Choosing the Right Engine

The decision isn't "which is best" — it's "what does my workload look like?" If you need strong consistency, complex queries, and moderate write volume, PostgreSQL is fine. If you need to absorb 100K+ writes/second and can tolerate eventual consistency and simpler query patterns, an LSM-tree database is the right tool. If your data is time-stamped metrics, a time-series database will outperform both.

Squeezing More Writes From What You Have

Already on the right database? Good. Now tune it. There's usually a 2-5x improvement hiding in default configurations that nobody changed.

Kill Unused Indexes

Every index on a table adds overhead to every INSERT, UPDATE, and DELETE. If an index isn't being used for reads, it's just dead weight slowing down your writes.

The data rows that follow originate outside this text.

(* Let $m\ge 2$ and $1\le k\le 2^m$ be integers, and let $\mathcal B$ be a nonempty set of $k$-element subsets of $\mathrm{PG}(1,2^m)$ that is invariant under the action of $\mathrm{PGL}_2(\mathrm{GF}(2^m))$ (i.e. $\pi(B)\in\mathcal B$ for all $B\in\mathcal B$ and all $\pi\in \mathrm{PGL}_2(\mathrm{GF}(2^m))$). Let $\mathbb D=(\mathrm{PG}(1,2^m),\mathcal B)$. Then the $2$-rank of $\mathbb D$ is $2^m$ if $k$ is even and $2^m+1$ if $k$ is odd.
   Context: $\mathrm{PGL}_2(\mathrm{GF}(2^m))$ acts on $\mathrm{PG}(1,2^m)=\mathrm{GF}(2^m)\cup\{\infty\}$ by linear fractional transformations. The $2$-rank of an incidence structure $(X,\mathcal B)$ is the rank over $\mathrm{GF}(2)$ of its $|\mathcal B|\times|X|$ $(0,1)$-incidence matrix (entry $1$ iff the point lies in the block). *)

From HB Require Import structures.
From mathcomp Require Import all_boot all_order all_algebra all_field.
Set Implicit Arguments. Unset Strict Implicit. Unset Printing Implicit Defensive.
Import GRing.Theory.
Local Open Scope ring_scope.

(* The projective line PG(1,q) = F ∪ {∞}, with None = ∞ and Some x = x. *)
Definition projline (F : finFieldType) := option F.

Definition lft (F : finFieldType) (a b c d : F) (x : option F) : option F :=
  match x with
  | None => if c == 0 then None else Some (a / c)
  | Some y => if c * y + d == 0 then None else Some ((a * y + b) / (c * y + d))
  end.

Definition in_PGL2 (F : finFieldType) (f : option F -> option F) : Prop :=
  exists a b c d : F, a * d - b * c != 0 /\ f =1 lft a b c d.

Definition incidence_mx (T : finType) (B : {set {set T}}) :
    'M['F_2]_(#|B|, #|T|) :=
  \matrix_(i < #|B|, j < #|T|)
     (if enum_val j \in (enum_val i : {set T}) then 1 else 0).

Definition two_rank (T : finType) (B : {set {set T}}) : nat :=
  \rank (incidence_mx B).

From mathcomp Require Import all_boot all_order all_algebra all_field.
Set Implicit Arguments. Unset Strict Implicit. Unset Printing Implicit Defensive.
Import GRing.Theory.
Local Open Scope ring_scope.

(* Moving a suitable point to ∞ gives a block Y with an odd number of affine
   points.  Over GF(2) the indicators of the 2^m translates of Y then sum to the
   indicator of the complement of {∞}, and applying the involution of PGL_2
   swapping ∞ and p gives the complement of {p}.  Differences of these
   complements are the vectors e_p - e_q, which span the even-weight code of
   dimension 2^m.  If k is even every block has even weight, so the rank is
   2^m; if k is odd, Y lies outside that code and the rank is 2^m + 1. *)

Section SumZeroRows.
Variables (K : fieldType) (n : nat).
Local Notation ones := (const_mx 1 : 'cV[K]_n).

Lemma mxrank_ones : \rank ones = (0 < n)%N.
Proof.
have [n0|n_gt0] := posnP n.
  apply/eqP; rewrite -leqn0.
  by apply: leq_trans (rank_leq_row _) _; rewrite n0.
apply/eqP; rewrite eqn_leq rank_leq_col lt0n mxrank_eq0.
by apply/eqP => /matrixP/(_ (Ordinal n_gt0) 0)/eqP; rewrite !mxE oner_eq0.
Qed.

Lemma mxrank_kermx_ones : \rank (kermx ones) = n.-1.
Proof. by rewrite mxrank_ker mxrank_ones; case: posnP => [->|]; rewrite ?subn1. Qed.

Lemma kermx_ones_sub r (A : 'M[K]_(r, n)) :
  (forall i j : 'I_n, ('e_i - 'e_j : 'rV_n) <= A)%MS -> (kermx ones <= A)%MS.
Proof.
move=> deltaA; apply/row_subP => l; set v := row l _.
have v_sum0 : \sum_j v 0 j = 0.
  transitivity ((v *m ones) 0 0); last by rewrite -row_mul mulmx_ker row0 mxE.
  by rewrite mxE; apply: eq_bigr => j _; rewrite !mxE mulr1.
case: (pickP (@predT 'I_n)) => [j0 _|no_col]; last first.
  by rewrite (row_sum_delta v) big_pred0 ?sub0mx.
have -> : v = \sum_j v 0 j *: ('e_j - 'e_j0).
  rewrite (eq_bigr _ (fun j _ => scalerBr _ _ _)) sumrB -scaler_suml v_sum0.
  by rewrite scale0r subr0 -row_sum_delta.
by apply: summx_sub => j _; apply: scalemx_sub.
Qed.

Lemma mxrank_sum0_rows r (A : 'M[K]_(r, n)) :
  (kermx ones <= A)%MS -> A *m ones = 0 -> \rank A = n.-1.
Proof.
move=> kerA A_sum0; rewrite -mxrank_kermx_ones; apply/eqmx_rank.
by rewrite kerA andbT; apply/sub_kermxP.
Qed.

Lemma mxrank_rows_full r (A : 'M[K]_(r, n)) (u : 'rV[K]_n) :
  (kermx ones <= A)%MS -> (u <= A)%MS -> u *m ones != 0 -> \rank A = n.
Proof.
move=> kerA uA u_sum; apply/eqP; rewrite eqn_leq rank_leq_col /=.
have kerA_proper : (kermx ones < A)%MS.
  rewrite ltmxE kerA /=; apply: contra u_sum => /(submx_trans uA).
  by move/sub_kermxP ->.
apply: leq_trans (leqSpred n) _.
by rewrite -mxrank_kermx_ones; apply: rank_ltmx.
Qed.

End SumZeroRows.

Lemma natr_F2 n : (n%:R : 'F_2) = (odd n)%:R.
Proof. by rewrite -(Zp_nat_mod (p:=2)) // modn2. Qed.

Section IndicatorRows.
Variable T : finType.

Definition indicator_row {R : pzSemiRingType} (Z : {set T}) : 'rV[R]_#|T| :=
  \row_j (if enum_val j \in Z then 1 else 0).

Lemma indicator_rowE {R : pzSemiRingType} (Z : {set T}) i j :
  (indicator_row Z : 'rV[R]_#|T|) i j = if enum_val j \in Z then 1 else 0.
Proof. exact: mxE. Qed.

Lemma indicator_row_mul_ones (R : pzSemiRingType) (Z : {set T}) :
  indicator_row Z *m const_mx 1 = const_mx (#|Z|%:R : R) :> 'cV_1.
Proof.
apply/matrixP => i l; rewrite !mxE.
under eq_bigr do rewrite !mxE mulr1.
rewrite -(big_enum_val (fun x => if x \in Z then 1 else 0)).
by rewrite -big_mkcond sumr_const.
Qed.

Lemma indicator_row_setC1 (R : pzRingType) (p : T) :
  indicator_row (~: [set p]) = const_mx 1 - 'e_(enum_rank p) :> 'rV[R]_#|T|.
Proof.
apply/rowP => j; rewrite !mxE in_setC in_set1 -{1}(enum_rankK p).
by rewrite (inj_eq enum_val_inj) eqxx; case: eqP; rewrite ?subrr ?subr0.
Qed.

Lemma kermx_ones_sub_setC1 (K : fieldType) r (A : 'M[K]_(r, #|T|)) :
  (forall p, (indicator_row (~: [set p]) <= A)%MS) ->
  (kermx (const_mx 1 : 'cV_#|T|) <= A)%MS.
Proof.
move=> complA; apply: kermx_ones_sub => i j.
have -> : 'e_i - 'e_j =
    indicator_row (~: [set enum_val j]) - indicator_row (~: [set enum_val i])
    :> 'rV[K]_#|T|.
  by rewrite !indicator_row_setC1 !enum_valK opprB [RHS]addrC addrA subrK.
by apply: addmx_sub; rewrite ?eqmx_opp.
Qed.

Variable B : {set {set T}}.

Lemma row_incidence_mx i : row i (incidence_mx B) = indicator_row (enum_val i).
Proof. by apply/rowP => j; rewrite !mxE. Qed.

Lemma indicator_row_sub X : X \in B -> (indicator_row X <= incidence_mx B)%MS.
Proof. by move=> XB; rewrite -(enum_rankK_in XB XB) -row_incidence_mx row_sub. Qed.

Lemma incidence_mx_mul_ones k :
  {in B, forall X : {set T}, #|X| = k} ->
  incidence_mx B *m const_mx 1 = const_mx k%:R :> 'cV_#|B|.
Proof.
move=> cardB; apply/row_matrixP => i.
rewrite row_mul row_incidence_mx indicator_row_mul_ones cardB ?enum_valP //.
by apply/rowP => j; rewrite !mxE.
Qed.

End IndicatorRows.

Section ProjectiveLine.
Variable F : finFieldType.
Implicit Types (p z : option F) (X Y : {set option F}).

Definition translation (b : F) : option F -> option F := omap (fun y => y + b).

Lemma translationK b : cancel (translation b) (translation (- b)).
Proof. by case=> //= y; rewrite addrK. Qed.

Lemma translationNK b : cancel (translation (- b)) (translation b).
Proof. by case=> //= y; rewrite subrK. Qed.

Lemma translation_PGL2 b : in_PGL2 (translation b).
Proof.
exists 1, b, 0, 1; split=> [|[y|]] /=; rewrite ?eqxx //.
  by rewrite mulr1 mulr0 subr0 oner_eq0.
by rewrite mul0r add0r oner_eq0 divr1 mul1r.
Qed.

Definition inversion : option F -> option F := lft 0 1 1 0.

Lemma inversion_PGL2 : in_PGL2 inversion.
Proof. by exists 0, 1, 1, 0; rewrite mul0r mulr1 sub0r oppr_eq0 oner_eq0. Qed.

Lemma inversionK : involutive inversion.
Proof.
case=> [y|] /=; last by rewrite oner_eq0 /= mul0r mul1r addr0 eqxx.
rewrite mul1r addr0 mul0r add0r div1r.
have [->|y0] := eqVneq y 0; first by rewrite /= oner_eq0 mul0r.
by rewrite /= mul1r addr0 mul0r add0r div1r invr_eq0 (negbTE y0) invrK.
Qed.

Definition swap_infinity p : option F -> option F :=
  if p is Some c then translation c \o inversion \o translation (- c) else id.

Lemma swap_infinityK p : involutive (swap_infinity p).
Proof.
case: p => [c|] x //=.
by rewrite translationK inversionK translationNK.
Qed.

Lemma swap_infinity_None p : swap_infinity p None = p.
Proof. by case: p => [c|] //=; rewrite oner_eq0 /= mul0r add0r. Qed.

Lemma cards_option X : #|X| = ((None \in X) + #|Some @^-1: X|)%N.
Proof.
rewrite (cardsD1 None) -(card_imset (Some @^-1: X) Some_inj); congr (_ + _)%N.
apply: eq_card => -[y|]; rewrite !inE /=; last by apply/esym/imsetP => -[].
by rewrite mem_imset ?inE //; apply: Some_inj.
Qed.

Lemma mem_imset_translation b z Y :
  (z \in translation b @: Y) = (translation (- b) z \in Y).
Proof.
by rewrite -{1}(translationNK b z) mem_imset //; apply: can_inj (translationK b).
Qed.

Lemma card_translates_mem z Y :
  #|[set b | z \in translation b @: Y]| =
  if z is Some _ then #|Some @^-1: Y| else ((None \in Y) * #|F|)%N.
Proof.
case: z => [w|].
  rewrite -[RHS](card_preimset _ (inv_inj (subKr w))).
  by apply: eq_card => b; rewrite !inE mem_imset_translation.
rewrite (_ : [set b | _] = if None \in Y then setT else set0).
  by case: (None \in Y); rewrite /= ?cardsT ?cards0 ?mul1n.
by apply/setP => b; rewrite inE mem_imset_translation; case: ifP; rewrite inE.
Qed.

Lemma sum_indicator_row_translates (g : option F -> option F) Y :
  injective g -> ~~ odd #|F| -> odd #|Some @^-1: Y| ->
  \sum_(b : F) indicator_row (g @: (translation b @: Y)) =
    indicator_row (~: [set g None]) :> 'rV['F_2]_#|{: option F}|.
Proof.
move=> g_inj evenF oddY; apply/rowP => j; rewrite summxE indicator_rowE.
have [g' gK g'K] := injF_bij g_inj.
rewrite in_setC in_set1 -{1}(g'K (enum_val j)) (inj_eq g_inj).
under eq_bigr do rewrite indicator_rowE (can_imset_pre _ gK) inE.
set z := g' (enum_val j); rewrite -big_mkcond.
rewrite (eq_bigl (fun b => b \in [set b | z \in translation b @: Y])); last first.
  by move=> b; rewrite inE.
rewrite sumr_const card_translates_mem natr_F2.
by case: z => [w|] /=; rewrite ?oddY ?oddM ?(negbTE evenF) ?andbF.
Qed.

Variable B : {set {set option F}}.
Hypothesis B_PGL2_closed : forall (f : option F -> option F), in_PGL2 f ->
  forall X, X \in B -> [set f x | x in X] \in B.

Lemma swap_infinity_closed p X : X \in B -> swap_infinity p @: X \in B.
Proof.
case: p => [c|] XB /=; last by rewrite imset_id.
rewrite !imset_comp; apply: B_PGL2_closed (translation_PGL2 c) _ _.
apply: B_PGL2_closed inversion_PGL2 _ _.
exact: B_PGL2_closed (translation_PGL2 (- c)) _ XB.
Qed.

Lemma exists_block_odd_affine_part k :
  B != set0 -> {in B, forall X : {set option F}, #|X| = k} ->
  (0 < k < #|{: option F}|)%N ->
  exists2 Y, Y \in B & odd #|Some @^-1: Y|.
Proof.
case/set0Pn => X XB cardB /andP[k_gt0 k_lt].
have [x0 x0X] : exists x0, (x0 \in X) = ~~ odd k.
  case: (odd k) => /=.
    have /set0Pn[x0] : ~: X != set0.
      by rewrite -card_gt0 -(ltn_add2l #|X|) cardsC addn0 cardB.
    by rewrite inE => /negbTE; exists x0.
  have /set0Pn[x0 x0X] : X != set0 by rewrite -card_gt0 cardB.
  by exists x0.
exists (swap_infinity x0 @: X); first exact: swap_infinity_closed.
have swap_inj := inv_inj (swap_infinityK x0).
have := cards_option (swap_infinity x0 @: X).
rewrite card_imset // cardB // -{1}(swap_infinityK x0 None) swap_infinity_None.
rewrite mem_imset // x0X => /(congr1 odd); rewrite oddD oddb.
by case: (odd k) => /= [<-|/esym/negbFE].
Qed.

Lemma indicator_row_setC1_sub Y p :
  Y \in B -> ~~ odd #|F| -> odd #|Some @^-1: Y| ->
  (indicator_row (~: [set p]) <= incidence_mx B)%MS.
Proof.
move=> YB evenF oddY; rewrite -(swap_infinity_None p).
rewrite -(sum_indicator_row_translates (inv_inj (swap_infinityK p)) evenF oddY).
apply: summx_sub => b _; apply: indicator_row_sub; apply: swap_infinity_closed.
exact: B_PGL2_closed (translation_PGL2 b) _ YB.
Qed.

End ProjectiveLine.

Local Close Scope ring_scope.

Theorem theorem12 (F : finFieldType) (m k : nat)
  (hF : #|F| = 2 ^ m) (hm : 2 <= m) (hk1 : 1 <= k) (hk2 : k <= 2 ^ m)
  (B : {set {set option F}})
  (hne : B != set0)
  (hcard : forall X, X \in B -> #|X| = k)
  (hinv : forall (f : option F -> option F), in_PGL2 f ->
            forall X, X \in B -> [set f x | x in X] \in B) :
  two_rank B = (if odd k then (2 ^ m).+1 else 2 ^ m).
Proof.
have cardT : #|{: option F}| = (2 ^ m).+1 by rewrite card_option hF.
have evenF : ~~ odd #|F| by rewrite hF oddX orbF -lt0n (ltnW hm).
have [|Y YB oddY] := exists_block_odd_affine_part hinv hne hcard.
  by rewrite hk1 cardT ltnS.
have kerB := kermx_ones_sub_setC1
  (fun p => indicator_row_setC1_sub hinv p YB evenF oddY).
rewrite /two_rank; case: ifP => k_odd.
  rewrite (mxrank_rows_full kerB (indicator_row_sub YB)) ?cardT //.
  rewrite indicator_row_mul_ones hcard // natr_F2 k_odd.
  by apply/eqP => /matrixP/(_ ord0 ord0)/eqP; rewrite !mxE oner_eq0.
rewrite (mxrank_sum0_rows kerB) ?cardT //.
rewrite (incidence_mx_mul_ones hcard) natr_F2 k_odd.
by apply/matrixP => i j; rewrite !mxE.
Qed.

-- PostgreSQL: find indexes that have NEVER been used for a scan
SELECT
    schemaname,
    relname AS table_name,
    indexrelname AS index_name,
    idx_scan AS times_used,
    pg_size_pretty(pg_relation_size(indexrelid)) AS index_size
FROM pg_stat_user_indexes
WHERE idx_scan = 0
ORDER BY pg_relation_size(indexrelid) DESC;

-- Example output:
-- table_name | index_name              | times_used | index_size
-- -----------+-------------------------+------------+-----------
-- events     | idx_events_legacy_type  | 0          | 2.1 GB
-- orders     | idx_orders_old_status   | 0          | 890 MB
-- users      | idx_users_created_year  | 0          | 340 MB

-- That's 3.3 GB of indexes slowing down every write for zero benefit.
-- DROP INDEX idx_events_legacy_type;

A table with 8 indexes processes writes roughly 3-4x slower than the same table with 2 indexes. In a write-heavy system, audit your indexes aggressively.

Tune WAL and Commit Behavior

By default, PostgreSQL calls fsync after every single transaction to guarantee durability. That's the safest option — and the slowest.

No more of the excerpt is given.